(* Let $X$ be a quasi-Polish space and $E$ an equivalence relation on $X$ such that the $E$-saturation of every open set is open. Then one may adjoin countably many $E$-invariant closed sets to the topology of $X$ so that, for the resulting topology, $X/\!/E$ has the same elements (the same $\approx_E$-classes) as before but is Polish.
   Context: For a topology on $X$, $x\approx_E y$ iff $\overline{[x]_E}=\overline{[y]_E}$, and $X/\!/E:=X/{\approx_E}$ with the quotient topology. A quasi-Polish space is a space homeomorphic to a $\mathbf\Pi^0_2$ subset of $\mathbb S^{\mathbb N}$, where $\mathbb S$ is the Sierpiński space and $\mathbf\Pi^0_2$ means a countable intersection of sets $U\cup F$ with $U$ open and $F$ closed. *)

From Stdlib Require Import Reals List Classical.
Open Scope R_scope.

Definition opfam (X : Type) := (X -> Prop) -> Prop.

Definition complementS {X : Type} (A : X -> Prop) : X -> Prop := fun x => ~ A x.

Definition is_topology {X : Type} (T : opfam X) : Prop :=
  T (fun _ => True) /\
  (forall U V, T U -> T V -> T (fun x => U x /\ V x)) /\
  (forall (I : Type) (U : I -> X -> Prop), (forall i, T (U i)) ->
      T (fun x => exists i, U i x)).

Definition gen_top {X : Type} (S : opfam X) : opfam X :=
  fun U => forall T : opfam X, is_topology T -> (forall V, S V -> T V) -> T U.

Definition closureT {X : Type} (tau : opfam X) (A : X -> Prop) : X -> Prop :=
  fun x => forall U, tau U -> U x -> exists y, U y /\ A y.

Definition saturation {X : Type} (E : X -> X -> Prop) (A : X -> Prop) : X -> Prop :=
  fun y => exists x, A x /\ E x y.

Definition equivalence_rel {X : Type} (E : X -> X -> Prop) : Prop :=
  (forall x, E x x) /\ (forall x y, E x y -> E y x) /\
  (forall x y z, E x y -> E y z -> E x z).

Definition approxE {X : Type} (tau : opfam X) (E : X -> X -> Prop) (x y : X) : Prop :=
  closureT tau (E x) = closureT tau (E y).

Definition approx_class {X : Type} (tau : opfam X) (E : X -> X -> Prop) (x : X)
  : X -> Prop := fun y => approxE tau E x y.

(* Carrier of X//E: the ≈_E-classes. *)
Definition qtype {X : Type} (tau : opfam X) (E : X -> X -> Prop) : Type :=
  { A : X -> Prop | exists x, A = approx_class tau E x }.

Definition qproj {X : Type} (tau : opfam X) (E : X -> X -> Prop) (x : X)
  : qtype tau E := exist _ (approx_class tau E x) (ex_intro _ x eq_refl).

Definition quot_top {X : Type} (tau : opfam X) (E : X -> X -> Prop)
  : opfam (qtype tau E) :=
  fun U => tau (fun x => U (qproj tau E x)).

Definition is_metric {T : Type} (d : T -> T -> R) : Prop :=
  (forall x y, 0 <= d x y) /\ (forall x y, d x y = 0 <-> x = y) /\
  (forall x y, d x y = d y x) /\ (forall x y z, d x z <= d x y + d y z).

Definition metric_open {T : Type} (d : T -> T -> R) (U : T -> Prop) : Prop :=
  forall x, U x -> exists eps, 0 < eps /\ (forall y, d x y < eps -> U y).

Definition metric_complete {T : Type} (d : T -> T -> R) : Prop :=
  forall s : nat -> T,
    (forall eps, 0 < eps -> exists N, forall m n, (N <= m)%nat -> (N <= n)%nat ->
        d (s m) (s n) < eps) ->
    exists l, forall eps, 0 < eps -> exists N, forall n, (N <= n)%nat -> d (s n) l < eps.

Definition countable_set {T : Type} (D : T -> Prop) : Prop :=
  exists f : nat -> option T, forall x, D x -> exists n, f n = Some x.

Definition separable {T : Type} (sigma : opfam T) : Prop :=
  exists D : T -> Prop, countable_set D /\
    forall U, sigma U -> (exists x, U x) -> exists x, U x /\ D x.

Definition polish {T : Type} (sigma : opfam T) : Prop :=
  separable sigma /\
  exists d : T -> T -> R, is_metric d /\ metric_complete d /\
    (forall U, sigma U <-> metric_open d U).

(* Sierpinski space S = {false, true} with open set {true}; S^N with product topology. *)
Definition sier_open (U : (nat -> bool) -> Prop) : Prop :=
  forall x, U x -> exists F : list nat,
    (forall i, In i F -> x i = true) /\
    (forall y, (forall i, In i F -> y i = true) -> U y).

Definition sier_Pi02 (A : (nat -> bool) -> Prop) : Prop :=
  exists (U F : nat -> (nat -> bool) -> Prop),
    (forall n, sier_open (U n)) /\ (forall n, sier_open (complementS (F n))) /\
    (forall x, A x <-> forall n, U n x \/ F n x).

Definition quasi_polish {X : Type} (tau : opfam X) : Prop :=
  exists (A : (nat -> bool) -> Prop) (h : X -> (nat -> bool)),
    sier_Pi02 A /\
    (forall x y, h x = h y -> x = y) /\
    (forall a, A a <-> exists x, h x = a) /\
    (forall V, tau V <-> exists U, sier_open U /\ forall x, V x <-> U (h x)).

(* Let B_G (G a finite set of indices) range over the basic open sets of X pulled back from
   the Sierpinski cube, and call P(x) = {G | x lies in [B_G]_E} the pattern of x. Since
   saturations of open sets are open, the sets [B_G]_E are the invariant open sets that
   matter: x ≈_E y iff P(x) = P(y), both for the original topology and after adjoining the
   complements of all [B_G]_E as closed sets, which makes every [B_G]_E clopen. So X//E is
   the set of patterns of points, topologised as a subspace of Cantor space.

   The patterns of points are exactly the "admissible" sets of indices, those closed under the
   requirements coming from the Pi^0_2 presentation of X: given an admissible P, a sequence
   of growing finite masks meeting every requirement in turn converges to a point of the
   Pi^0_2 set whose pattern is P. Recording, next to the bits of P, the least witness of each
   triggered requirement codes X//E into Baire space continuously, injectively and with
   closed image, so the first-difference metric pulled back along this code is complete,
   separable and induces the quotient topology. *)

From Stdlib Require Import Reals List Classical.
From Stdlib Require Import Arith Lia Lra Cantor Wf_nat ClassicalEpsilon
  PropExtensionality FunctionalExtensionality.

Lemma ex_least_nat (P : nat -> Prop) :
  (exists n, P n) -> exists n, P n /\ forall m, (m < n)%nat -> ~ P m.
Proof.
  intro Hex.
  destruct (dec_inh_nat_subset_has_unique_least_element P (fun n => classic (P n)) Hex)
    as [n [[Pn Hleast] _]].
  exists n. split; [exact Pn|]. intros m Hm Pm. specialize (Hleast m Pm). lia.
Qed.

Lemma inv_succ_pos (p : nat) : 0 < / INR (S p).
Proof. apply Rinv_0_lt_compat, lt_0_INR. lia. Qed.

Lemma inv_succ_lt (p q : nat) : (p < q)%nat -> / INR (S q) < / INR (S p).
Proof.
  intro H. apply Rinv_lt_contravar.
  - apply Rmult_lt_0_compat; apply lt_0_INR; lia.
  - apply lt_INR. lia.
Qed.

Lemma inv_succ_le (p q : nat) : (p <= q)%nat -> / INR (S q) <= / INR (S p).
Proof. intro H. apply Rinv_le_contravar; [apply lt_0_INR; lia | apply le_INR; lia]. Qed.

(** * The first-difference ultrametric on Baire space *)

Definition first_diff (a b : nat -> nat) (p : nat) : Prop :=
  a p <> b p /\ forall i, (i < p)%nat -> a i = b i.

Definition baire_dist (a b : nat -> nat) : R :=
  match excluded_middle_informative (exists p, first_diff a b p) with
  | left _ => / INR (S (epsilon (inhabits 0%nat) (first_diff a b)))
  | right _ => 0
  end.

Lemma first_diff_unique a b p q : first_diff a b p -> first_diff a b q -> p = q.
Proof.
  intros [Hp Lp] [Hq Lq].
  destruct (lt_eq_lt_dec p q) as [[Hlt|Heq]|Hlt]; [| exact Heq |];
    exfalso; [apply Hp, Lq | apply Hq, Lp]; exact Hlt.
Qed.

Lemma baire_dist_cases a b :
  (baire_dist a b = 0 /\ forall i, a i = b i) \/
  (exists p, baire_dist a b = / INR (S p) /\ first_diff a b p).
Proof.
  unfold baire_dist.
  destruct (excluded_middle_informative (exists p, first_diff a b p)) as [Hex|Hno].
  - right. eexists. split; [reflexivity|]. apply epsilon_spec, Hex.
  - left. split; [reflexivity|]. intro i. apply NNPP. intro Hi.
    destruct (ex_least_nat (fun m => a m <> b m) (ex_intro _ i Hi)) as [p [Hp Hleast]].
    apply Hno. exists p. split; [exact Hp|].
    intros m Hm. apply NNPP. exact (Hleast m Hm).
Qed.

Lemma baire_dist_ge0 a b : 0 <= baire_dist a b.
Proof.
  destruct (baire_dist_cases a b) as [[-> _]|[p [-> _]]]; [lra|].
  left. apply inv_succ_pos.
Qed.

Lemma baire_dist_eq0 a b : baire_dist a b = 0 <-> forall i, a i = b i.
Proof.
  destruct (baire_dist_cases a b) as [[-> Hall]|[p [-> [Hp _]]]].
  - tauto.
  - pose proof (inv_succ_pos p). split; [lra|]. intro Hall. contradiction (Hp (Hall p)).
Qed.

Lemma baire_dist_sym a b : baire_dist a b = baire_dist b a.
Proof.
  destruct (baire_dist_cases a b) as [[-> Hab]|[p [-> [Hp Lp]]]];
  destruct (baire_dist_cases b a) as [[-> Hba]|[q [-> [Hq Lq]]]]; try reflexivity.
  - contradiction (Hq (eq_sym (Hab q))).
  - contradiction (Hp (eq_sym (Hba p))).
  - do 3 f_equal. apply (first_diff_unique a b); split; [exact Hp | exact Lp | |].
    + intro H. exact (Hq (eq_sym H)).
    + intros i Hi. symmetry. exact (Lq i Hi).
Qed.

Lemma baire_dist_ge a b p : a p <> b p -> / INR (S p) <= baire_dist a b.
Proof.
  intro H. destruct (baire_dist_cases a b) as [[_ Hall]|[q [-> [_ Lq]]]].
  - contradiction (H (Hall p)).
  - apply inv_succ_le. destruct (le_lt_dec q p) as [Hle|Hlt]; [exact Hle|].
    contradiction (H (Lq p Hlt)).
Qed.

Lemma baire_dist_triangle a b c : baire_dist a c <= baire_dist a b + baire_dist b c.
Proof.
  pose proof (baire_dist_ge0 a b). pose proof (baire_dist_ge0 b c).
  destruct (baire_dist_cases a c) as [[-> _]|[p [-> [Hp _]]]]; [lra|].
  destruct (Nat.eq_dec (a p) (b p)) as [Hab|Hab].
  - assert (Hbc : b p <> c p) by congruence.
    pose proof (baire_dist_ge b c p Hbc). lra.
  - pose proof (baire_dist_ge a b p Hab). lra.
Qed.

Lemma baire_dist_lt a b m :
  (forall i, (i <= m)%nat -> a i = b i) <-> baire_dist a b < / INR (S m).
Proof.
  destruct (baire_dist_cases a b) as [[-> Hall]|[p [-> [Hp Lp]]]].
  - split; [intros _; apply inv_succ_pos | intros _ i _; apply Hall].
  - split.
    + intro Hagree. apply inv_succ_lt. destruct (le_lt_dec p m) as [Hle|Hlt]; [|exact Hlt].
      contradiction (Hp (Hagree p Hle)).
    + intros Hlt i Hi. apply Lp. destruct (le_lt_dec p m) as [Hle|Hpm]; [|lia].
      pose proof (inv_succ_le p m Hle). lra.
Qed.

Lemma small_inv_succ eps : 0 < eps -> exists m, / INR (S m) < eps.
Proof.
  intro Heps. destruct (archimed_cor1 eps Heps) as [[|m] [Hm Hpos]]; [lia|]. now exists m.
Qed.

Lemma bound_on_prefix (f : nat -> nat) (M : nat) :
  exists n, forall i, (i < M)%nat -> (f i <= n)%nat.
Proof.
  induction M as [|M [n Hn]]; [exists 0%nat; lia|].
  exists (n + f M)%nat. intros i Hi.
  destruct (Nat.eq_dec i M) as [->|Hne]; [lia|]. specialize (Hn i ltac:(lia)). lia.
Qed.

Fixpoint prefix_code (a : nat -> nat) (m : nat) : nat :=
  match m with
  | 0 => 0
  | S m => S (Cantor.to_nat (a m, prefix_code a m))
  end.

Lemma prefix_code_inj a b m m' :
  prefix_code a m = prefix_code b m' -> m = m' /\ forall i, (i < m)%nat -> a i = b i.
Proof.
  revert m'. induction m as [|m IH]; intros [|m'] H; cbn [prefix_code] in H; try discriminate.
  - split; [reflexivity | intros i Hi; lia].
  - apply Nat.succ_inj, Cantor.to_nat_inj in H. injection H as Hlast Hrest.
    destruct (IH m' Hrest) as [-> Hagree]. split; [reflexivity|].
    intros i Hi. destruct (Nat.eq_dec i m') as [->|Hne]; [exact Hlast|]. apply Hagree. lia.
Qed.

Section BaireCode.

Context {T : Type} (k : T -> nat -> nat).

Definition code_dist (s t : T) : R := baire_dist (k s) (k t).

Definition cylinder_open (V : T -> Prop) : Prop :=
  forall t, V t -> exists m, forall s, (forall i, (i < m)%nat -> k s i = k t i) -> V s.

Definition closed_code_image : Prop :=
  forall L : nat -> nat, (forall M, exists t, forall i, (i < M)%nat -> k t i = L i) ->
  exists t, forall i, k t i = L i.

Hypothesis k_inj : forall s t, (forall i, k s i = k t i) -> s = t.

******

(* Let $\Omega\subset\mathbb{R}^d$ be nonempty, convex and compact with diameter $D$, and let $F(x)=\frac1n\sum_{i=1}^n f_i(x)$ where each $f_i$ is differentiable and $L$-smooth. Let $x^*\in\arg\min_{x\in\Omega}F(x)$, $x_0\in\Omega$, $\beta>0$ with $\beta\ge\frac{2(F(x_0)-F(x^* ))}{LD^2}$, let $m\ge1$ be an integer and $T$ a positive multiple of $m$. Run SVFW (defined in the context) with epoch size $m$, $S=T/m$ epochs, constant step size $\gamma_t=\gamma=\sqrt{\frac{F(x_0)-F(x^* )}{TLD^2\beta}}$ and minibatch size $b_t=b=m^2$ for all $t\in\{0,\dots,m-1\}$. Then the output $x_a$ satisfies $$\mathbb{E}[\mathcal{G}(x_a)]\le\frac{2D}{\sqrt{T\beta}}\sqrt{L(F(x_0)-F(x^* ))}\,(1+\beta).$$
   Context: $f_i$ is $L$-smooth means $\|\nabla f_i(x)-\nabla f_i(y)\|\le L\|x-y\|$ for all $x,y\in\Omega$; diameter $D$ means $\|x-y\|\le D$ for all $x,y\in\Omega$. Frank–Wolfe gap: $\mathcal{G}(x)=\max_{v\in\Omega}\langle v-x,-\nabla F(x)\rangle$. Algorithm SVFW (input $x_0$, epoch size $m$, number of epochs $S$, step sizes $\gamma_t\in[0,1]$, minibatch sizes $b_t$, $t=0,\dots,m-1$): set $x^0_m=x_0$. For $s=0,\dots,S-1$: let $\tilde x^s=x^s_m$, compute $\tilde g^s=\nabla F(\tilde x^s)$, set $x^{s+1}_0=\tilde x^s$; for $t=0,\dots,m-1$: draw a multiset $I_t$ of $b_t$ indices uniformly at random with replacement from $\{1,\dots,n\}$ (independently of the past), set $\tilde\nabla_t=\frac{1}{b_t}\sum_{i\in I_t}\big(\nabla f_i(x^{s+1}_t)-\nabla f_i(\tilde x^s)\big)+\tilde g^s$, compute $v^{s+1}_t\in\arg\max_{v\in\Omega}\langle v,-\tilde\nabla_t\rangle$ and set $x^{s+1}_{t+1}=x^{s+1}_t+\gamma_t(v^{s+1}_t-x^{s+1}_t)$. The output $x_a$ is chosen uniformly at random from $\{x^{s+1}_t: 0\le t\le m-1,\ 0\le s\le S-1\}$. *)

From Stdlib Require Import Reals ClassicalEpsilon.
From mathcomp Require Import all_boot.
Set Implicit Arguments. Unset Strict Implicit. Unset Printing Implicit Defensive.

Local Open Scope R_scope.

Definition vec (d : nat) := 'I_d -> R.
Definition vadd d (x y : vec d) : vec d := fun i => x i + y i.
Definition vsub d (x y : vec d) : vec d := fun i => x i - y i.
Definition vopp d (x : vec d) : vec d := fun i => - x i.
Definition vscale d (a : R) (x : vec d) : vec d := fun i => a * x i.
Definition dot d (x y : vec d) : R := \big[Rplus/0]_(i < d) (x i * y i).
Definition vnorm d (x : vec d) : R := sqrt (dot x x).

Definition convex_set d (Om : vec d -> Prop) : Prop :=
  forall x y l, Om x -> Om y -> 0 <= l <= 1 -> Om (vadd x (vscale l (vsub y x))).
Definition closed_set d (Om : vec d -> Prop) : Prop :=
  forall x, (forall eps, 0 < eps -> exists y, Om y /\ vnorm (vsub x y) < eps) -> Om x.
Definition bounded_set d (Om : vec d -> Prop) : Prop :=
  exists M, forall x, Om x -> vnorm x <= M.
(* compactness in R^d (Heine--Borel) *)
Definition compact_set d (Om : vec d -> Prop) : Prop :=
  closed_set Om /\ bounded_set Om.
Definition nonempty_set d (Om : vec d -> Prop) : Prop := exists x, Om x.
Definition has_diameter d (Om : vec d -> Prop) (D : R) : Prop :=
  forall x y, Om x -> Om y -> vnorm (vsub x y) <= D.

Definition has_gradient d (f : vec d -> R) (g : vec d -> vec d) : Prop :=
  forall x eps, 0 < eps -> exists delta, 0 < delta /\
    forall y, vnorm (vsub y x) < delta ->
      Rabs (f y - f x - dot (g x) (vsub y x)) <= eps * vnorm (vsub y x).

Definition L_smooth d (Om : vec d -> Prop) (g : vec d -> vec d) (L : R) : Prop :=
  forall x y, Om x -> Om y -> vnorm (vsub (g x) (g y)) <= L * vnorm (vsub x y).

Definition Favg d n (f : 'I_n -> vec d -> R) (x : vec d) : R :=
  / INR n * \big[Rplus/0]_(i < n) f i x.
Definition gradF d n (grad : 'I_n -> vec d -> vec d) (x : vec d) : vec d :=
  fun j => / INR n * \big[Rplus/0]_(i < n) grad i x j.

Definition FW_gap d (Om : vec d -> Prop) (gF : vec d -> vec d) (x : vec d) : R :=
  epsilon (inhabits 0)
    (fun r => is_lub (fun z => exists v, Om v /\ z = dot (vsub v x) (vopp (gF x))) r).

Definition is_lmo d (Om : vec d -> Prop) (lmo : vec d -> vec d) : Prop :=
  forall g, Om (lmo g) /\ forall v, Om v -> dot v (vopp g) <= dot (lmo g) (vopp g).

******

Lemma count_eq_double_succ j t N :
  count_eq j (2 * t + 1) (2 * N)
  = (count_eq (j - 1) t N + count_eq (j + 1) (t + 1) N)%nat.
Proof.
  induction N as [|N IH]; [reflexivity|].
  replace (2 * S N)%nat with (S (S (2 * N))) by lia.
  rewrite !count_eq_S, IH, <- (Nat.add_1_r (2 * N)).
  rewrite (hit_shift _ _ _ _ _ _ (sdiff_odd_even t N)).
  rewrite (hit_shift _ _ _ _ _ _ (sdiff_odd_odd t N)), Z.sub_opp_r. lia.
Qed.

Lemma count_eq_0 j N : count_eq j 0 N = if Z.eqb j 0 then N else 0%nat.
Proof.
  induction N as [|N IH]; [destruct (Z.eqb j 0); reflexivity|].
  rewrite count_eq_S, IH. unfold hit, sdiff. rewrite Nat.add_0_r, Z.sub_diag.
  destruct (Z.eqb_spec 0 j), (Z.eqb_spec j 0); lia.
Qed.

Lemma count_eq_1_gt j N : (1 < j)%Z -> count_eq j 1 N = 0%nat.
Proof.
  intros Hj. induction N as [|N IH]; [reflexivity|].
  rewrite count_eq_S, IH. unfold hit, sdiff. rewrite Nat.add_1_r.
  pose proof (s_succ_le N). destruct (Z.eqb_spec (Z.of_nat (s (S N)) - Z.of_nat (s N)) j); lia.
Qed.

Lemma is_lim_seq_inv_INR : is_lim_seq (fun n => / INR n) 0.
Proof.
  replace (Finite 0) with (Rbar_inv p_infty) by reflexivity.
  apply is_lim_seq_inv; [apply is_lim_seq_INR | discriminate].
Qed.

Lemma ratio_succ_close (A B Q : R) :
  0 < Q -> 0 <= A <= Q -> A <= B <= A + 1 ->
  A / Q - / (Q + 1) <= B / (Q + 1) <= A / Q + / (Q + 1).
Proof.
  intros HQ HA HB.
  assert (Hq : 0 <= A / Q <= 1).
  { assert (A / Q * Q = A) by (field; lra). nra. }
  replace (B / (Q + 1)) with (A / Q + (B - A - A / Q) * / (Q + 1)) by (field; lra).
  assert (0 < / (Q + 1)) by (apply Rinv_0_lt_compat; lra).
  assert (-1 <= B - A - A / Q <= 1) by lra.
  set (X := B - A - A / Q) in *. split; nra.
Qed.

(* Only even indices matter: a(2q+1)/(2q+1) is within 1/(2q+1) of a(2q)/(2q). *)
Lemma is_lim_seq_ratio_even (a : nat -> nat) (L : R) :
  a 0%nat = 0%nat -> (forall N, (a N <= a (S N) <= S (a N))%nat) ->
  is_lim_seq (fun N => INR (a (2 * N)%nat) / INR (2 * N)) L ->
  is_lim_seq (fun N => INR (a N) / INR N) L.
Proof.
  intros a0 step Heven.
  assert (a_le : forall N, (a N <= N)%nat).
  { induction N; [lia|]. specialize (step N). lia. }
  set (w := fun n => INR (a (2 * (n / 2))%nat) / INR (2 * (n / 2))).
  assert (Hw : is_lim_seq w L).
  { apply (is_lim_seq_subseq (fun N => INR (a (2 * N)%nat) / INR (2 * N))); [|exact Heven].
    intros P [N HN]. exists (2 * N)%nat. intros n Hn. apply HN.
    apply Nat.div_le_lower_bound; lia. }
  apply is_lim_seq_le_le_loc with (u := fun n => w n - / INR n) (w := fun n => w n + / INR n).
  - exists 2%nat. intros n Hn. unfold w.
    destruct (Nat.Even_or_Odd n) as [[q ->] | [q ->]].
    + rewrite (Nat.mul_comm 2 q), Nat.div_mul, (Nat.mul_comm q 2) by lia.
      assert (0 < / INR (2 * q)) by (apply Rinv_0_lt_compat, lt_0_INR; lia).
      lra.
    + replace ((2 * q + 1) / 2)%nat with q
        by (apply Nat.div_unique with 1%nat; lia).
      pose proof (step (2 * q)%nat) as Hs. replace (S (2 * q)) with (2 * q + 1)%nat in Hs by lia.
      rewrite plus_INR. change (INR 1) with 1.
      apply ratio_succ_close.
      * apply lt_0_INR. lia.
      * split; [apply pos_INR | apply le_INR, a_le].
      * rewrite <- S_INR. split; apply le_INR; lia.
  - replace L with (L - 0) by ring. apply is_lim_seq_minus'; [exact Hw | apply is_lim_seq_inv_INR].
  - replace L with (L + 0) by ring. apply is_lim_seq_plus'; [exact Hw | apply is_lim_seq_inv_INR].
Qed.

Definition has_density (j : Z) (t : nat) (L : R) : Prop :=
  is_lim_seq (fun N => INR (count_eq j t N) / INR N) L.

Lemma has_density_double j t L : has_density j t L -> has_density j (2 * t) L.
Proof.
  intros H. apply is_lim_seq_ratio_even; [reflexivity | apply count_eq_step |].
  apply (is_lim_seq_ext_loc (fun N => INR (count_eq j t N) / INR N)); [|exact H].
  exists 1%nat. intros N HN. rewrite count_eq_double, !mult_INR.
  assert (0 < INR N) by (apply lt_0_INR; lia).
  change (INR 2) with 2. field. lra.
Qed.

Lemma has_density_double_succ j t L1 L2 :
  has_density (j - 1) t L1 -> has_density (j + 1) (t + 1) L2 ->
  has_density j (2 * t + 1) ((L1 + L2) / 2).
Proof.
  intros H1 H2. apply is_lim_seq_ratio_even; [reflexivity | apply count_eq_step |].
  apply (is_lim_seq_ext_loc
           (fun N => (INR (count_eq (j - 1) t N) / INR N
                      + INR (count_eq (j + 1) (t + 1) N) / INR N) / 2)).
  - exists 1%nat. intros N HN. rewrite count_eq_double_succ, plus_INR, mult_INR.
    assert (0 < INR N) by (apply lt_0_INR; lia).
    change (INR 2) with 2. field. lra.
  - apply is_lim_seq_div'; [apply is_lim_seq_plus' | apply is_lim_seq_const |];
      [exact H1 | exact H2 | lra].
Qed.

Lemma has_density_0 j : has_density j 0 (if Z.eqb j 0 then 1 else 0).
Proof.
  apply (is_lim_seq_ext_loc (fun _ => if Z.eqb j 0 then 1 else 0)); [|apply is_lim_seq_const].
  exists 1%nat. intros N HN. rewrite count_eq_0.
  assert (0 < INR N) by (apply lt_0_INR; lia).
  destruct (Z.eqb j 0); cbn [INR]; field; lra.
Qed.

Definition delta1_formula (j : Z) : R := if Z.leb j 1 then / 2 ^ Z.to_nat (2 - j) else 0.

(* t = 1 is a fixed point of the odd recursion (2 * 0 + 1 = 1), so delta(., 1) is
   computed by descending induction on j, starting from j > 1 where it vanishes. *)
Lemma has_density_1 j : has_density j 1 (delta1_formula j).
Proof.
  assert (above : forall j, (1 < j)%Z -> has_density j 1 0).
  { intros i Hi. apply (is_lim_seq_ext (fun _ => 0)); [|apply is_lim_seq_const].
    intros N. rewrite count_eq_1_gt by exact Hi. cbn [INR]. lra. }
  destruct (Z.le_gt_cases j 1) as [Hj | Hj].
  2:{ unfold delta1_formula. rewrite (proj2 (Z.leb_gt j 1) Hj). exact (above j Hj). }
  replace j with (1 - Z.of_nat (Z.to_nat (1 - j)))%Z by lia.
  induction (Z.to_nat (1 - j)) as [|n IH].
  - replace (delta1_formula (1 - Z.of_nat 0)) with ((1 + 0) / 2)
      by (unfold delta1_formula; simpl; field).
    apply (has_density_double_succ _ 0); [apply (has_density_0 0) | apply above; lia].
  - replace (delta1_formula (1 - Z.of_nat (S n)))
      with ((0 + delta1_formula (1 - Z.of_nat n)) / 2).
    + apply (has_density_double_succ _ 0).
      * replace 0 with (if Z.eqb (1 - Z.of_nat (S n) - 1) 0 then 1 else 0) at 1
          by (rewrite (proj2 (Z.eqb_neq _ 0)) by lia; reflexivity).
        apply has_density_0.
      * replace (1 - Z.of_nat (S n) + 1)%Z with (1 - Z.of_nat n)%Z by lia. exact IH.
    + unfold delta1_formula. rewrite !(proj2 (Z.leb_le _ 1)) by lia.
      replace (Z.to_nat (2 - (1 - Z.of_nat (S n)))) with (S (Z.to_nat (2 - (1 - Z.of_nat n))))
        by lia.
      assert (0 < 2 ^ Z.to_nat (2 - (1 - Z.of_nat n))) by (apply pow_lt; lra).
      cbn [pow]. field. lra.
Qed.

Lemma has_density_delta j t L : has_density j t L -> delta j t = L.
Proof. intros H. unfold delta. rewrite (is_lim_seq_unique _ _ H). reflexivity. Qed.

******

● **Task prompt**
In the listing above, find the line with "Section BaireCode." and the line with "Hypothesis k_inj : forall", then reproduce both and every line between them exactly.

● **Output for this task**
Section BaireCode.

Context {T : Type} (k : T -> nat -> nat).

Definition code_dist (s t : T) : R := baire_dist (k s) (k t).

Definition cylinder_open (V : T -> Prop) : Prop :=
  forall t, V t -> exists m, forall s, (forall i, (i < m)%nat -> k s i = k t i) -> V s.

Definition closed_code_image : Prop :=
  forall L : nat -> nat, (forall M, exists t, forall i, (i < M)%nat -> k t i = L i) ->
  exists t, forall i, k t i = L i.

Hypothesis k_inj : forall s t, (forall i, k s i = k t i) -> s = t.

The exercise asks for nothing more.